WORK INSTRUCTIONS - Below this sentence is a listing; return exactly its lines from the one with "Lemma eq_regular_pos f" to the one with "Lemma partialD j", both kept, and nothing more.

INFORMATION GIVEN -
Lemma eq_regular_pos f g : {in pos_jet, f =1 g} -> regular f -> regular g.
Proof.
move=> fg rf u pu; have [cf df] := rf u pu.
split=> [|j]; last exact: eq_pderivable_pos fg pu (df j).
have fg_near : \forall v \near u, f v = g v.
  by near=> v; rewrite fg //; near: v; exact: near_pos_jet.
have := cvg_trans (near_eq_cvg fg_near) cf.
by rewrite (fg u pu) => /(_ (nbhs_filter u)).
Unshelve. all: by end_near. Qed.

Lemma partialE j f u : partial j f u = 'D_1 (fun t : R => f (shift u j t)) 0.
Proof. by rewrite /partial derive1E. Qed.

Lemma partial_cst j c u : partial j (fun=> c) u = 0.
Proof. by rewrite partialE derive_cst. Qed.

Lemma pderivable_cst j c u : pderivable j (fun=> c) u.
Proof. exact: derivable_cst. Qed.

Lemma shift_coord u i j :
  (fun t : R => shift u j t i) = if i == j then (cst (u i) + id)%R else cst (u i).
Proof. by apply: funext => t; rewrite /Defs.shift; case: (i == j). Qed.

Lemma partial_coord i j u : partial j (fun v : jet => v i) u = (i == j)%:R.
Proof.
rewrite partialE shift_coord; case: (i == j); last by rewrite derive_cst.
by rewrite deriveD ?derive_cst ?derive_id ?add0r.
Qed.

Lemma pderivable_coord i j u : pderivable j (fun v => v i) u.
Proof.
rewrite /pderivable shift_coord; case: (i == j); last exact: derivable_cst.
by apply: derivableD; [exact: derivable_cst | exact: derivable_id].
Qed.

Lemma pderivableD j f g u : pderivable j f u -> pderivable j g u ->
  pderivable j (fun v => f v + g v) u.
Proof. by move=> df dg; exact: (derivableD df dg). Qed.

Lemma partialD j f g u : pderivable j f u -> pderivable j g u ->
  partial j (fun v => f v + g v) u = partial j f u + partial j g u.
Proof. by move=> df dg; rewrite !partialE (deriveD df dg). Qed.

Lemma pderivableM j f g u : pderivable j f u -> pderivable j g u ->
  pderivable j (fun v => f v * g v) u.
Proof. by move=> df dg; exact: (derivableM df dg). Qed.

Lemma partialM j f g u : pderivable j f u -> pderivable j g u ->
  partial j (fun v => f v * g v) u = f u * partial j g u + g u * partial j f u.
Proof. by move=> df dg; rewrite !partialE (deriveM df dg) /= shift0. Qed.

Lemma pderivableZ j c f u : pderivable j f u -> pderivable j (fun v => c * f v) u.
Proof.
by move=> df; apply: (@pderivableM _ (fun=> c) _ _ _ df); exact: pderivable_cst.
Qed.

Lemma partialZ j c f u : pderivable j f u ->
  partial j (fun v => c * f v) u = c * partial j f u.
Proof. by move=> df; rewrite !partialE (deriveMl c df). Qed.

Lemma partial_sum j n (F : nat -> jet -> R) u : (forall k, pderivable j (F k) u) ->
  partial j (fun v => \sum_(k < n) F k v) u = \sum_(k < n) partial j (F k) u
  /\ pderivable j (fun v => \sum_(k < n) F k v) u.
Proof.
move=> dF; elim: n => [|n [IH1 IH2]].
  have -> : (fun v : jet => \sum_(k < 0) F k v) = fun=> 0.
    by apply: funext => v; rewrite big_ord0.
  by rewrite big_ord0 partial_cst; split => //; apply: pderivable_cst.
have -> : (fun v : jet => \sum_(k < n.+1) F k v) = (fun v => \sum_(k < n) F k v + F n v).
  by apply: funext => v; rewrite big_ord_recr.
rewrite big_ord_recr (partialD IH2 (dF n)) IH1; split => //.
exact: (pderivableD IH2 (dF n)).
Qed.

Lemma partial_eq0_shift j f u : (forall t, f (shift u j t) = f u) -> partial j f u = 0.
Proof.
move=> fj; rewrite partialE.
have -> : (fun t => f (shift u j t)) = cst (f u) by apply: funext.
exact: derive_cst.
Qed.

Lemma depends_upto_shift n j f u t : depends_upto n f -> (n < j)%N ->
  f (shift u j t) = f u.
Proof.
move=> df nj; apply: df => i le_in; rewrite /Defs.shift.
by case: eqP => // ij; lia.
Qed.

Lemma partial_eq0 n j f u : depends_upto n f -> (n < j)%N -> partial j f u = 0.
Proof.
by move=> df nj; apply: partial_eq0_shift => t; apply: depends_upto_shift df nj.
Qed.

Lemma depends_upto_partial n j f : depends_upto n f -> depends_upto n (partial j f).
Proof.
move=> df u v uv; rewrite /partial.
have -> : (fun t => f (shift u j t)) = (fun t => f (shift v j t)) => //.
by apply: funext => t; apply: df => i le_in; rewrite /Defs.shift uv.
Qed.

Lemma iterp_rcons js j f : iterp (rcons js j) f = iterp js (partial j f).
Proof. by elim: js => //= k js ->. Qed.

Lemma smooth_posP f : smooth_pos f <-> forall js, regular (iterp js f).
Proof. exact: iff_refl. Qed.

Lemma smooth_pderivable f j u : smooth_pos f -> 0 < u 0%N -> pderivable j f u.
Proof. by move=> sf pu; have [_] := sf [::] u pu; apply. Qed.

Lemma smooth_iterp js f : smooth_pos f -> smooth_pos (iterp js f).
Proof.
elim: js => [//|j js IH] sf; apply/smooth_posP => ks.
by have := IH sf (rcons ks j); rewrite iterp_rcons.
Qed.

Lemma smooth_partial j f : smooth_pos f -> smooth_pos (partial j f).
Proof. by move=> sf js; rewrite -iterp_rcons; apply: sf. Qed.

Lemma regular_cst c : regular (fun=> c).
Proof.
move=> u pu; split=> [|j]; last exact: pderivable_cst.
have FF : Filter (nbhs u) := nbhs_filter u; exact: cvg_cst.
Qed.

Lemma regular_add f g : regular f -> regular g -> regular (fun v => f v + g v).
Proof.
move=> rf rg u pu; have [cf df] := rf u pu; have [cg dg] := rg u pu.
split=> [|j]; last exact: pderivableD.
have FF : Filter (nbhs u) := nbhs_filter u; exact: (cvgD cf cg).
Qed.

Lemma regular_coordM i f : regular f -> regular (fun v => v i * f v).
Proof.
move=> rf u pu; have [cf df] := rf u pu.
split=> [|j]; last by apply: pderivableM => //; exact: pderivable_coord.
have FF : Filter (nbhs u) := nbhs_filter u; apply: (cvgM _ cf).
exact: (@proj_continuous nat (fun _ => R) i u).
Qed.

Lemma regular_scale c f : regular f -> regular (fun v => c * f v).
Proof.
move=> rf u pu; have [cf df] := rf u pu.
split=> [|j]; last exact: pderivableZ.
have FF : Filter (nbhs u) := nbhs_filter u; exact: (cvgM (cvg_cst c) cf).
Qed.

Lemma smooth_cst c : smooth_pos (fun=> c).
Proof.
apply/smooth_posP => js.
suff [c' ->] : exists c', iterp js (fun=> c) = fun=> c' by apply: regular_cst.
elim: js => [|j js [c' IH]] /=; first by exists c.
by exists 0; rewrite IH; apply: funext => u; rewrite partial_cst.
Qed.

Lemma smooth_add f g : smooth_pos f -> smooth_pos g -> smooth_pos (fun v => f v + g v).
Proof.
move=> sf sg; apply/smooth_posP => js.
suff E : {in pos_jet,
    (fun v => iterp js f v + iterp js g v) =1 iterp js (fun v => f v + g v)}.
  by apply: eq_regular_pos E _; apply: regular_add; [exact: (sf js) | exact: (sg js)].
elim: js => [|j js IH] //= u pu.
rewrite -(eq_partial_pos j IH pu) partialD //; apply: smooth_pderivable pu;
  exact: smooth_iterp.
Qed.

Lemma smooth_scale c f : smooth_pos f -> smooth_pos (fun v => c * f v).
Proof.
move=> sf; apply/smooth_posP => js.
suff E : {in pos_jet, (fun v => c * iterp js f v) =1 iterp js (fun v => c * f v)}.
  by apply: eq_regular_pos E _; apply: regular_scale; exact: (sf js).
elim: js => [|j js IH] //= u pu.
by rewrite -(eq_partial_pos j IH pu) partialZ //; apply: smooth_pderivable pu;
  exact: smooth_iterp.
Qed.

* * *

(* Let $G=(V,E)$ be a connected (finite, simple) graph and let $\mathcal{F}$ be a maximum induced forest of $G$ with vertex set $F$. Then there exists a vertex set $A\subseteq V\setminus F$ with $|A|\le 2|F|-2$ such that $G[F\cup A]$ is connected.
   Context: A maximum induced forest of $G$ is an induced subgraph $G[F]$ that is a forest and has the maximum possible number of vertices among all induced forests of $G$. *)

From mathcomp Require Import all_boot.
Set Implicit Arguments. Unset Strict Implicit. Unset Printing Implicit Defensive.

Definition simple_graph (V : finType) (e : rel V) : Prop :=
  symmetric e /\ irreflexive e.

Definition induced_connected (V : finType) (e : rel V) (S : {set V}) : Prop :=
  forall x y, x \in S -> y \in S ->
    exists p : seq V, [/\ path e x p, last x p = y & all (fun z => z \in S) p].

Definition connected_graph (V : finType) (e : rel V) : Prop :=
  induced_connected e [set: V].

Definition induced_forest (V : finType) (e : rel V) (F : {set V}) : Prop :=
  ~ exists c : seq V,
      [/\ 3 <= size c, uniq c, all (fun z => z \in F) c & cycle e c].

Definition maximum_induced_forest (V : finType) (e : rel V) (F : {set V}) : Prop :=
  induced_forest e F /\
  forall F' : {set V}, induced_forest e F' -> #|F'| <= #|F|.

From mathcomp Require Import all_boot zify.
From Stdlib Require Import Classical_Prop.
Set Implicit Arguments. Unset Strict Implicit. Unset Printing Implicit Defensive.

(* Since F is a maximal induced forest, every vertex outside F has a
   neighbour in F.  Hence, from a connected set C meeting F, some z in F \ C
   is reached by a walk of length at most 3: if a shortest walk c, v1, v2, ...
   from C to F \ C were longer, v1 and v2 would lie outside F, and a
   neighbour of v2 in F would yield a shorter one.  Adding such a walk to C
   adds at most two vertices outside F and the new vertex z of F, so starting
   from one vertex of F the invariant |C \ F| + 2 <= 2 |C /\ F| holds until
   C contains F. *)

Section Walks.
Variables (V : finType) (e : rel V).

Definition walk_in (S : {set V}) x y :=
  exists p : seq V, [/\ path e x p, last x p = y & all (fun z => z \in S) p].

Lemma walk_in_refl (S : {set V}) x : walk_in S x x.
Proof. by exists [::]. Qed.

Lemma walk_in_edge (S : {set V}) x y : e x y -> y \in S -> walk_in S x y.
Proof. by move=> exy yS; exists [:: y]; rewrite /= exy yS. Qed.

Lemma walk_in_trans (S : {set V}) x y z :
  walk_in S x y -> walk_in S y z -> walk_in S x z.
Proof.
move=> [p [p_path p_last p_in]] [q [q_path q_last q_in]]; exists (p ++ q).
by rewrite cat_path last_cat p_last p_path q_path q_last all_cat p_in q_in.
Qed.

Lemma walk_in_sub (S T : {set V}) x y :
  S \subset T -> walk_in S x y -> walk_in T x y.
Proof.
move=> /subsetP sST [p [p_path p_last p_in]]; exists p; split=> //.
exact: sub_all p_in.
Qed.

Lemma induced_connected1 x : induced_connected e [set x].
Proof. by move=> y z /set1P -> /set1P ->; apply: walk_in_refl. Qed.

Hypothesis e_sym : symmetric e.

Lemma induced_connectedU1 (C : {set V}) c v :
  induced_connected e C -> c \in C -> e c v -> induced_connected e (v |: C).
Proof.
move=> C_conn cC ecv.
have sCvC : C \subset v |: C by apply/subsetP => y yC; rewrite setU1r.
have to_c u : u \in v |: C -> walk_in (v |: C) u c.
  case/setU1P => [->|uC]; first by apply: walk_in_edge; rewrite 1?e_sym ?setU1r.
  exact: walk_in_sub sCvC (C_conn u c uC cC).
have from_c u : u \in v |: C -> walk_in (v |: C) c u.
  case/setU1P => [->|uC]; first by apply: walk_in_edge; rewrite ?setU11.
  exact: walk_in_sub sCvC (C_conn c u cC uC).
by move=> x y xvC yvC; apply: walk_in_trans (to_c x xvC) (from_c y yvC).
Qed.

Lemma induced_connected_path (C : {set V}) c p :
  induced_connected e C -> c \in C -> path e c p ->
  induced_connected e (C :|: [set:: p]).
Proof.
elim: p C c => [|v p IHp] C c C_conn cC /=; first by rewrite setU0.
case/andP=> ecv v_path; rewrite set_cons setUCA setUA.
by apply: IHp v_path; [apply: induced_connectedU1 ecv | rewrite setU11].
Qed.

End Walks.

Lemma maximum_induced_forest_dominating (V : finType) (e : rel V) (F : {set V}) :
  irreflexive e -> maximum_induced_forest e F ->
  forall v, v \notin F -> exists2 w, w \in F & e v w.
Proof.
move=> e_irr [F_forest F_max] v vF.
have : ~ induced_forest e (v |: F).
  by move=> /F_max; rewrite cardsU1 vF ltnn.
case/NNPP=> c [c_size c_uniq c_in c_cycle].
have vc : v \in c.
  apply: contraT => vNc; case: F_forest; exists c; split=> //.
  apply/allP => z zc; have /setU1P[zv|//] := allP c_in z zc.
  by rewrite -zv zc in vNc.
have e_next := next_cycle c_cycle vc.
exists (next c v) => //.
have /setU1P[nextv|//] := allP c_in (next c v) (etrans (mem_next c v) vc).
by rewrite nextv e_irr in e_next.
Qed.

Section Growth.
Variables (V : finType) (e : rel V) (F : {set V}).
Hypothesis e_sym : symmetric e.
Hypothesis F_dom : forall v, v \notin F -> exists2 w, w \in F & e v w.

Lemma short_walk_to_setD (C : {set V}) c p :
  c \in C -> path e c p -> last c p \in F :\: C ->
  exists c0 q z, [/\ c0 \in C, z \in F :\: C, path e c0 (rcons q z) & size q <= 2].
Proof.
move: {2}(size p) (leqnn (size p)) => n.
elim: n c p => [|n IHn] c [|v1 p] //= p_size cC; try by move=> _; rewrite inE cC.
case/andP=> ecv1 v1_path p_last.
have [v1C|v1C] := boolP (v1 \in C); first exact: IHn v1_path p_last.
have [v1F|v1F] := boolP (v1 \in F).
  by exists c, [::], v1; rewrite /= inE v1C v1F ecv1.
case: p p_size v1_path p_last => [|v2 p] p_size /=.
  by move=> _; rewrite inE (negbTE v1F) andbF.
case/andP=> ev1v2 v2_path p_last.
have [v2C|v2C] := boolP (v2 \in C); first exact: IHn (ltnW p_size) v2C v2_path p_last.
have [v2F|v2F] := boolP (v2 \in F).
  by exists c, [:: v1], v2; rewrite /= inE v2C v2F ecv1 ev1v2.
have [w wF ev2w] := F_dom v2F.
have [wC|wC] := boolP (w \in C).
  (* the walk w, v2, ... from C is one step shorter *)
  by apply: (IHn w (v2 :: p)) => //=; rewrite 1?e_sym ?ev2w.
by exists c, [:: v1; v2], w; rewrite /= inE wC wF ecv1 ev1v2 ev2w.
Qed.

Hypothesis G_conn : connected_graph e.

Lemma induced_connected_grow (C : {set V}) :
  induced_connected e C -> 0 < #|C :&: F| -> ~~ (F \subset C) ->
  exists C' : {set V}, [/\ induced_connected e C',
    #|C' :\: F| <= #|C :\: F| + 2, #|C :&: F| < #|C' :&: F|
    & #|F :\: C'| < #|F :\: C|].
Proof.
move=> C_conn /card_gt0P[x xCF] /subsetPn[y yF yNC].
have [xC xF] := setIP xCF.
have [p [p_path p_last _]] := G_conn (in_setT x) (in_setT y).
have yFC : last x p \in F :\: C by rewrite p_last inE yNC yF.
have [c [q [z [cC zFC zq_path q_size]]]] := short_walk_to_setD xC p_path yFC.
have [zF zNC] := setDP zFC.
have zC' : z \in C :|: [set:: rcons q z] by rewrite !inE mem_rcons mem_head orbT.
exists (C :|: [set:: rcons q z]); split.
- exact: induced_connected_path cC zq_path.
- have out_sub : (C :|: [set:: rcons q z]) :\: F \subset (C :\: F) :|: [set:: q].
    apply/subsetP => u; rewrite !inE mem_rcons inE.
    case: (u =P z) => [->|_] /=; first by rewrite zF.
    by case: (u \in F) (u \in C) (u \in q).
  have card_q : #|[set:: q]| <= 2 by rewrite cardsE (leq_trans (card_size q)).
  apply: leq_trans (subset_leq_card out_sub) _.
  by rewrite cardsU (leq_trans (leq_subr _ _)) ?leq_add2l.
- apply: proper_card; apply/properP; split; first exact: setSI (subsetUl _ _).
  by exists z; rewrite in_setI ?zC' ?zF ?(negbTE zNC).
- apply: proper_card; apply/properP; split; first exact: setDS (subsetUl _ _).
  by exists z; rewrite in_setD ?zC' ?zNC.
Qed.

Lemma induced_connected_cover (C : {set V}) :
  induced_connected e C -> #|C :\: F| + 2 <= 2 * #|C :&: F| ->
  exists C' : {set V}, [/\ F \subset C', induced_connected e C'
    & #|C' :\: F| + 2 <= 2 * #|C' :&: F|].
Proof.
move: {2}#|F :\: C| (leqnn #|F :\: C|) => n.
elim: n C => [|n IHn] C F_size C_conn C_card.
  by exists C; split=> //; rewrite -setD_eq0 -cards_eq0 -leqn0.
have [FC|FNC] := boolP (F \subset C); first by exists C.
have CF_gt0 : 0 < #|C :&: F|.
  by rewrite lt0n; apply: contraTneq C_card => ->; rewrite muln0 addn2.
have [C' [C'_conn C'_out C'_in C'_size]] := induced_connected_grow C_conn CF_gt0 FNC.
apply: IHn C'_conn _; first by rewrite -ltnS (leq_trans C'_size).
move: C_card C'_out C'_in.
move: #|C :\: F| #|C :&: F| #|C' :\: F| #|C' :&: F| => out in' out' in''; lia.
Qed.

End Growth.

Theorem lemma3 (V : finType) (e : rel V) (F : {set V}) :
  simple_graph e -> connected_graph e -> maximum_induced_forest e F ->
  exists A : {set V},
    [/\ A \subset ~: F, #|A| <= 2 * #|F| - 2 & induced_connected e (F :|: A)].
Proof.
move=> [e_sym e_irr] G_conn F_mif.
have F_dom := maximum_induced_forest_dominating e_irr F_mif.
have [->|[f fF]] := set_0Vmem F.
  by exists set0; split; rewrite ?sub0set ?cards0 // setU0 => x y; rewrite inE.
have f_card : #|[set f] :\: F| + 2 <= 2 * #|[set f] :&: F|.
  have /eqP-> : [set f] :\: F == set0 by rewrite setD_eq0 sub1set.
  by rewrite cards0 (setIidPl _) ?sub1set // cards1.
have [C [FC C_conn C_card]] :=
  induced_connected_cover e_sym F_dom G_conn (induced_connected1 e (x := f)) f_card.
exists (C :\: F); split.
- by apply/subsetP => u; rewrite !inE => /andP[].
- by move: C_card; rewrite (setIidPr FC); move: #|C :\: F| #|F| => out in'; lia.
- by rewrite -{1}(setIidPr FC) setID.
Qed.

WORKED SOLUTION -
Lemma eq_regular_pos f g : {in pos_jet, f =1 g} -> regular f -> regular g.
Proof.
move=> fg rf u pu; have [cf df] := rf u pu.
split=> [|j]; last exact: eq_pderivable_pos fg pu (df j).
have fg_near : \forall v \near u, f v = g v.
  by near=> v; rewrite fg //; near: v; exact: near_pos_jet.
have := cvg_trans (near_eq_cvg fg_near) cf.
by rewrite (fg u pu) => /(_ (nbhs_filter u)).
Unshelve. all: by end_near. Qed.

Lemma partialE j f u : partial j f u = 'D_1 (fun t : R => f (shift u j t)) 0.
Proof. by rewrite /partial derive1E. Qed.

Lemma partial_cst j c u : partial j (fun=> c) u = 0.
Proof. by rewrite partialE derive_cst. Qed.

Lemma pderivable_cst j c u : pderivable j (fun=> c) u.
Proof. exact: derivable_cst. Qed.

Lemma shift_coord u i j :
  (fun t : R => shift u j t i) = if i == j then (cst (u i) + id)%R else cst (u i).
Proof. by apply: funext => t; rewrite /Defs.shift; case: (i == j). Qed.

Lemma partial_coord i j u : partial j (fun v : jet => v i) u = (i == j)%:R.
Proof.
rewrite partialE shift_coord; case: (i == j); last by rewrite derive_cst.
by rewrite deriveD ?derive_cst ?derive_id ?add0r.
Qed.

Lemma pderivable_coord i j u : pderivable j (fun v => v i) u.
Proof.
rewrite /pderivable shift_coord; case: (i == j); last exact: derivable_cst.
by apply: derivableD; [exact: derivable_cst | exact: derivable_id].
Qed.

Lemma pderivableD j f g u : pderivable j f u -> pderivable j g u ->
  pderivable j (fun v => f v + g v) u.
Proof. by move=> df dg; exact: (derivableD df dg). Qed.

Lemma partialD j f g u : pderivable j f u -> pderivable j g u ->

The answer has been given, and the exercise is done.